:: Data for the task ::
(* Let $G=(V\cup C,E)$ be a protograph and let $\epsilon\in[0,1]$. Suppose the degree-2 subgraph $G_2$ contains a cycle. Then for every edge $e_i$ of that cycle and every $t\ge 0$, the BEC density evolution quantities satisfy $x_t(i)\ge \epsilon^{t+1}$. In particular, for $\epsilon>0$, $x_t(i)$ does not decay double-exponentially in $t$ (i.e., there are no positive constants $\alpha,\beta,K$ with $x_t(i)\le K\exp(-\beta 2^{\alpha t})$ for all large $t$).
   Context: A protograph is a finite bipartite multigraph $G=(V\cup C,E)$ with variable (bit) nodes $V$, check nodes $C$, and ordered edges $E=\{e_1,\dots,e_{|E|}\}$; parallel edges between a variable node and a check node are allowed. For an edge $e$, $v(e)$ and $c(e)$ denote its variable-node and check-node endpoints. The degree of a node is the number of incident edges counted with multiplicity. For an edge $e$, $E_c(e)=\{i: c(e_i)=c(e),\ e_i\neq e\}$ and $E_v(e)=\{i: v(e_i)=v(e),\ e_i\ne e\}$. The degree-2 subgraph $G_2$ of $G$ consists of all degree-2 variable nodes, all edges incident to them, and the check nodes incident to those edges; a cycle in $G_2$ may have length $2$ (two parallel edges between the same variable and check node). Protograph density evolution over BEC$(\epsilon)$: $x_0(i)=\epsilon$ for all $i$, and for $t\ge 0$, $y_{t+1}(j)=1-\prod_{i\in E_c(e_j)}(1-x_t(i))$, $x_{t+1}(i)=\epsilon\prod_{j\in E_v(e_i)}y_{t+1}(j)$ (empty products equal $1$). *)

From Stdlib Require Import Reals List Arith Bool.
Import ListNotations.
Open Scope R_scope.
Open Scope bool_scope.

(* Parallel edges are allowed (pv, pc need not be jointly
   injective). *)
Record protograph := Protograph {
  nV : nat; nC : nat; nE : nat;
  pv : nat -> nat;
  pc : nat -> nat;
  pv_lt : forall i, (i < nE)%nat -> (pv i < nV)%nat;
  pc_lt : forall i, (i < nE)%nat -> (pc i < nC)%nat
}.

Definition Ec (G : protograph) (j : nat) : list nat :=
  filter (fun i => Nat.eqb (pc G i) (pc G j) && negb (Nat.eqb i j)) (seq 0 (nE G)).
Definition Ev (G : protograph) (i : nat) : list nat :=
  filter (fun j => Nat.eqb (pv G j) (pv G i) && negb (Nat.eqb j i)) (seq 0 (nE G)).

Definition prodR (l : list nat) (f : nat -> R) : R :=
  fold_right (fun k acc => f k * acc) 1 l.

Definition vdeg (G : protograph) (v : nat) : nat :=
  length (filter (fun i => Nat.eqb (pv G i) v) (seq 0 (nE G))).

Fixpoint DE_x (G : protograph) (eps : R) (t : nat) : nat -> R :=
  match t with
  | O => fun _ => eps
  | S t' => fun i =>
      eps * prodR (Ev G i)
              (fun j => 1 - prodR (Ec G j) (fun i' => 1 - DE_x G eps t' i'))
  end.

Definition DE_y (G : protograph) (eps : R) (t : nat) (j : nat) : R :=
  1 - prodR (Ec G j) (fun i' => 1 - DE_x G eps t i').

(* A cycle of length 2k (k >= 1) in the degree-2 subgraph G_2, given as the
   edge sequence cyc 0, cyc 1, ..., cyc (2k-1):
   edges cyc(2m), cyc(2m+1) share variable node v_m, edges cyc(2m+1),
   cyc(2m+2 mod 2k) share check node c_m; edges are distinct, the variable
   nodes v_0..v_{k-1} are distinct, the check nodes c_0..c_{k-1} are
   distinct, and every variable node on the cycle has degree 2 in G
   (so all cycle edges belong to G_2).  k = 1 is a length-2 cycle made of
   two parallel edges. *)
Definition deg2_cycle (G : protograph) (k : nat) (cyc : nat -> nat) : Prop :=
  (1 <= k)%nat /\
  (forall a, (a < 2 * k)%nat -> (cyc a < nE G)%nat) /\
  (forall a b, (a < 2 * k)%nat -> (b < 2 * k)%nat -> cyc a = cyc b -> a = b) /\
  (forall m, (m < k)%nat -> pv G (cyc (2 * m)%nat) = pv G (cyc (2 * m + 1)%nat)) /\
  (forall m, (m < k)%nat ->
      pc G (cyc (2 * m + 1)%nat) = pc G (cyc ((2 * m + 2) mod (2 * k))%nat)) /\
  (forall m n, (m < k)%nat -> (n < k)%nat ->
      pv G (cyc (2 * m)%nat) = pv G (cyc (2 * n)%nat) -> m = n) /\
  (forall m n, (m < k)%nat -> (n < k)%nat ->
      pc G (cyc (2 * m + 1)%nat) = pc G (cyc (2 * n + 1)%nat) -> m = n) /\
  (forall m, (m < k)%nat -> vdeg G (pv G (cyc (2 * m)%nat)) = 2%nat).

(* Along a cycle of the degree-2 subgraph, each edge [e] has exactly one other
   edge [e'] at its variable node, and [e'] shares its check node with the next
   cycle edge [c].  Since all messages lie in [[0,1]], the density evolution
   update gives [x_{t+1}(e) = eps * y_{t+1}(e') >= eps * x_t(c)], and induction
   along the cycle yields [x_t(e) >= eps^(t+1)].  A geometric lower bound is
   incompatible with a doubly exponential upper bound, because [2^(alpha t)]
   eventually dominates every linear function of [t]. *)
From Stdlib Require Import Reals List Arith Lia Lra.
Import ListNotations.
Open Scope R_scope.

Lemma prodR_unit_interval (l : list nat) (f : nat -> R) :
  (forall k, 0 <= f k <= 1) -> 0 <= prodR l f <= 1.
Proof.
  intros Hf; induction l as [|x l IH]; simpl; [lra|].
  destruct (Hf x); split; [apply Rmult_le_pos; lra|].
  rewrite <- (Rmult_1_r 1); apply Rmult_le_compat; lra.
Qed.

Lemma prodR_le_factor (l : list nat) (f : nat -> R) (i : nat) :
  (forall k, 0 <= f k <= 1) -> In i l -> prodR l f <= f i.
Proof.
  intros Hf; induction l as [|x l IH]; simpl; [tauto|].
  destruct (Hf x); destruct (prodR_unit_interval l f Hf).
  intros [<-|Hi].
  - rewrite <- (Rmult_1_r (f x)) at 2; apply Rmult_le_compat_l; lra.
  - specialize (IH Hi).
    apply Rle_trans with (1 * prodR l f); [apply Rmult_le_compat_r|]; lra.
Qed.

Lemma DE_x_unit_interval (G : protograph) (eps : R) :
  0 <= eps <= 1 -> forall t i, 0 <= DE_x G eps t i <= 1.
Proof.
  intros Heps t; induction t as [|t IH]; intros i; simpl; [lra|].
  assert (Hy : forall j, 0 <= 1 - prodR (Ec G j) (fun i' => 1 - DE_x G eps t i') <= 1).
  { intros j.
    assert (Hx : forall i', 0 <= 1 - DE_x G eps t i' <= 1)
      by (intros i'; specialize (IH i'); lra).
    destruct (prodR_unit_interval (Ec G j) _ Hx); lra. }
  destruct (prodR_unit_interval (Ev G i) _ Hy) as [Hp0 Hp1].
  split; [apply Rmult_le_pos; lra|].
  apply Rle_trans with (eps * 1); [apply Rmult_le_compat_l|]; lra.
Qed.

Lemma filter_andb {A : Type} (f g : A -> bool) (l : list A) :
  filter (fun x => f x && g x) l = filter g (filter f l).
Proof.
  induction l as [|x l IH]; simpl; [reflexivity|].
  destruct (f x); simpl; [destruct (g x); simpl|]; rewrite IH; reflexivity.
Qed.

Lemma Ev_deg2 (G : protograph) (e e' : nat) :
  (e < nE G)%nat -> (e' < nE G)%nat -> e <> e' -> pv G e = pv G e' ->
  vdeg G (pv G e) = 2%nat -> Ev G e = [e'].
Proof.
  intros He He' Hne Hpv Hdeg; unfold Ev, vdeg in *.
  rewrite filter_andb.
  set (inv := fun i => Nat.eqb (pv G i) (pv G e)).
  assert (Hin : forall i, (i < nE G)%nat -> pv G i = pv G e ->
                     In i (filter inv (seq 0 (nE G)))).
  { intros i Hi Hp; apply filter_In; split; [apply in_seq; lia|].
    unfold inv; rewrite Hp; apply Nat.eqb_refl. }
  pose proof (Hin e He eq_refl) as Hine.
  pose proof (Hin e' He' (eq_sym Hpv)) as Hine'.
  pose proof (NoDup_filter inv (seq_NoDup (nE G) 0)) as Hnd.
  fold inv in Hdeg; revert Hine Hine' Hnd Hdeg.
  generalize (filter inv (seq 0 (nE G))).
  intros [|x [|y [|z r]]] Hine Hine' Hnd Hdeg; simpl in Hdeg; try discriminate.
  apply NoDup_cons_iff in Hnd as [Hxy _]; simpl in Hxy.
  destruct Hine as [->|[->|[]]]; destruct Hine' as [->|[->|[]]]; try congruence;
    simpl; rewrite Nat.eqb_refl, (proj2 (Nat.eqb_neq e' e)) by congruence;
    reflexivity.
Qed.

Lemma In_Ec (G : protograph) (c b : nat) :
  (c < nE G)%nat -> pc G c = pc G b -> c <> b -> In c (Ec G b).
Proof.
  intros Hc Hpc Hne; unfold Ec; apply filter_In; split; [apply in_seq; lia|].
  rewrite Hpc, Nat.eqb_refl, (proj2 (Nat.eqb_neq c b) Hne); reflexivity.
Qed.

Lemma DE_x_S_ge (G : protograph) (eps : R) (t e e' c : nat) :
  0 <= eps <= 1 -> Ev G e = [e'] -> In c (Ec G e') ->
  DE_x G eps (S t) e >= eps * DE_x G eps t c.
Proof.
  intros Heps HEv Hc; cbn [DE_x]; rewrite HEv; unfold prodR at 1; cbn [fold_right].
  rewrite Rmult_1_r; apply Rle_ge, Rmult_le_compat_l; [lra|].
  assert (Hx : forall i', 0 <= 1 - DE_x G eps t i' <= 1)
    by (intros i'; destruct (DE_x_unit_interval G eps Heps t i'); lra).
  pose proof (prodR_le_factor _ _ c Hx Hc); lra.
Qed.

Section Deg2Cycle.

Variables (G : protograph) (k : nat) (cyc : nat -> nat).
Hypothesis Hcyc : deg2_cycle G k cyc.

Lemma deg2_cycle_var_partner (a : nat) :
  (a < 2 * k)%nat -> exists b, (b < 2 * k)%nat /\ Ev G (cyc a) = [cyc b].
Proof.
  destruct Hcyc as (Hk & Hlt & Hinj & Hv & _ & _ & _ & Hdeg); intros Ha.
  destruct (Nat.Even_or_Odd a) as [[m ->]|[m ->]].
  - exists (2 * m + 1)%nat; split; [lia|].
    apply Ev_deg2; try (apply Hlt; lia); try (apply Hv; lia); try (apply Hdeg; lia).
    intros E; apply Hinj in E; lia.
  - exists (2 * m)%nat; split; [lia|].
    apply Ev_deg2; try (apply Hlt; lia).
    + intros E; apply Hinj in E; lia.
    + symmetry; apply Hv; lia.
    + rewrite <- Hv by lia; apply Hdeg; lia.
Qed.

Lemma deg2_cycle_check_neighbour (b : nat) :
  (b < 2 * k)%nat -> exists c, (c < 2 * k)%nat /\ In (cyc c) (Ec G (cyc b)).
Proof.
  destruct Hcyc as (Hk & Hlt & Hinj & _ & Hc & _); intros Hb.
  assert (Hdiff : forall c, (c < 2 * k)%nat -> c <> b -> cyc c <> cyc b)
    by (intros c Hc' Hne E; apply Hinj in E; auto).
  destruct (Nat.Even_or_Odd b) as [[m ->]|[m ->]].
  - destruct m as [|m].
    + exists (2 * (k - 1) + 1)%nat; split; [lia|].
      apply In_Ec; [apply Hlt; lia| |apply Hdiff; lia].
      rewrite (Hc (k - 1)%nat) by lia.
      replace (2 * (k - 1) + 2)%nat with (1 * (2 * k))%nat by lia.
      rewrite Nat.Div0.mod_mul; reflexivity.
    + exists (2 * m + 1)%nat; split; [lia|].
      apply In_Ec; [apply Hlt; lia| |apply Hdiff; lia].
      rewrite (Hc m), Nat.mod_small by lia; do 2 f_equal; lia.
  - set (c := ((2 * m + 2) mod (2 * k))%nat).
    assert (Hck : (c < 2 * k)%nat) by (apply Nat.mod_upper_bound; lia).
    exists c; split; [exact Hck|].
    apply In_Ec; [apply Hlt; exact Hck|symmetry; apply Hc; lia|apply Hdiff; [exact Hck|]].
    unfold c; destruct (Nat.eq_dec (S m) k) as [<-|Hm].
    + replace (2 * m + 2)%nat with (1 * (2 * S m))%nat by lia.
      rewrite Nat.Div0.mod_mul; lia.
    + rewrite Nat.mod_small; lia.
Qed.

Lemma DE_x_deg2_cycle_ge (eps : R) :
  0 <= eps <= 1 ->
  forall t a, (a < 2 * k)%nat -> DE_x G eps t (cyc a) >= eps ^ (t + 1).
Proof.
  intros Heps t; induction t as [|t IH]; intros a Ha; [simpl; lra|].
  destruct (deg2_cycle_var_partner a Ha) as (b & Hb & HEv).
  destruct (deg2_cycle_check_neighbour b Hb) as (c & Hc & HEc).
  apply Rge_trans with (eps * DE_x G eps t (cyc c));
    [exact (DE_x_S_ge G eps t _ _ _ Heps HEv HEc)|].
  replace (S t + 1)%nat with (S (t + 1)) by lia; simpl.
  apply Rle_ge, Rmult_le_compat_l; [lra|]; apply Rge_le, IH, Hc.
Qed.

End Deg2Cycle.

Lemma exp_ge_sqr_half (x : R) : 0 <= x -> (x / 2) * (x / 2) <= exp x.
Proof.
  intros Hx.
  replace (exp x) with (exp (x / 2) * exp (x / 2)) by (rewrite <- exp_plus; f_equal; field).
  pose proof (exp_ineq1_le (x / 2)); pose proof (exp_pos (x / 2)).
  apply Rmult_le_compat; lra.
Qed.

Lemma exp_eventually_gt_linear (s A B : R) (T : nat) :
  0 < s -> exists t, (T <= t)%nat /\ A + B * INR t < exp (s * INR t).
Proof.
  intros Hs.
  set (q := s * s / 4).
  assert (Hq : 0 < q) by (unfold q; nra).
  destruct (INR_archimed q (Rabs A + Rabs B) Hq) as [n Hn].
  exists (n + T + 1)%nat; split; [lia|].
  set (t := INR (n + T + 1)).
  assert (Ht1 : 1 <= t) by (unfold t; rewrite <- INR_1; apply le_INR; lia).
  assert (Hnt : INR n <= t) by (unfold t; apply le_INR; lia).
  assert (Hexp := exp_ge_sqr_half (s * t) ltac:(nra)).
  pose proof (Rle_abs A); pose proof (Rle_abs B); pose proof (Rabs_pos A).
  assert (Hqt : Rabs A + Rabs B < q * t) by nra.
  assert (Hsq : q * t * t <= exp (s * t)) by (unfold q; nra).
  nra.
Qed.

Lemma geometric_not_double_exp_decay (f : nat -> R) (eps : R) :
  0 < eps -> (forall t, f t >= eps ^ (t + 1)) ->
  ~ (exists alpha beta K : R, 0 < alpha /\ 0 < beta /\ 0 < K /\
       exists T : nat, forall t : nat, (T <= t)%nat ->
         f t <= K * exp (- beta * Rpower 2 (alpha * INR t))).
Proof.
  intros Heps Hf (alpha & beta & K & Ha & Hb & HK & T & HT).
  set (c := ln eps).
  assert (Hs : 0 < alpha * ln 2)
    by (apply Rmult_lt_0_compat; [lra|pose proof ln_lt_2; lra]).
  destruct (exp_eventually_gt_linear (alpha * ln 2) ((ln K - c) / beta) (- c / beta) T Hs)
    as (t & Ht & Hlin).
  assert (Hlow : exp (INR (t + 1) * c) <= f t).
  { unfold c; rewrite <- ln_pow, exp_ln by (try apply pow_lt; lra).
    apply Rge_le, Hf. }
  assert (Hup : f t <= exp (ln K - beta * exp (alpha * ln 2 * INR t))).
  { unfold Rminus; rewrite exp_plus, exp_ln by exact HK.
    replace (alpha * ln 2 * INR t) with (alpha * INR t * ln 2) by ring.
    rewrite Ropp_mult_distr_l; apply HT, Ht. }
  assert (Hexp : INR (t + 1) * c <= ln K - beta * exp (alpha * ln 2 * INR t)).
  { destruct (Rle_lt_dec (INR (t + 1) * c) (ln K - beta * exp (alpha * ln 2 * INR t)))
      as [Hle|Hgt]; [exact Hle|].
    apply exp_increasing in Hgt; lra. }
  rewrite plus_INR in Hexp; simpl INR in Hexp.
  assert (Hlin' : beta * ((ln K - c) / beta + - c / beta * INR t)
                  < beta * exp (alpha * ln 2 * INR t))
    by (apply Rmult_lt_compat_l; assumption).
  replace (beta * ((ln K - c) / beta + - c / beta * INR t))
    with (ln K - c - c * INR t) in Hlin' by (field; lra).
  lra.
Qed.

Theorem mainTheorem2 (G : protograph) (eps : R) (k : nat) (cyc : nat -> nat) :
  0 <= eps <= 1 ->
  deg2_cycle G k cyc ->
  forall a, (a < 2 * k)%nat ->
    (forall t : nat, DE_x G eps t (cyc a) >= eps ^ (t + 1)) /\
    (0 < eps ->
       ~ (exists alpha beta K : R, 0 < alpha /\ 0 < beta /\ 0 < K /\
            exists T : nat, forall t : nat, (T <= t)%nat ->
              DE_x G eps t (cyc a) <= K * exp (- beta * Rpower 2 (alpha * INR t)))).
Proof.
  intros Heps Hcyc a Ha.
  assert (Hge : forall t, DE_x G eps t (cyc a) >= eps ^ (t + 1))
    by (intros t; exact (DE_x_deg2_cycle_ge G k cyc Hcyc eps Heps t a Ha)).
  split; [exact Hge|].
  intros Hpos; exact (geometric_not_double_exp_decay _ eps Hpos Hge).
Qed.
:::
_What you need to do_
Your answer should be each line from the entries that includes the string "distinct".

_Answer section_
   cyc(2m+2 mod 2k) share check node c_m; edges are distinct, the variable
   nodes v_0..v_{k-1} are distinct, the check nodes c_0..c_{k-1} are
   distinct, and every variable node on the cycle has degree 2 in G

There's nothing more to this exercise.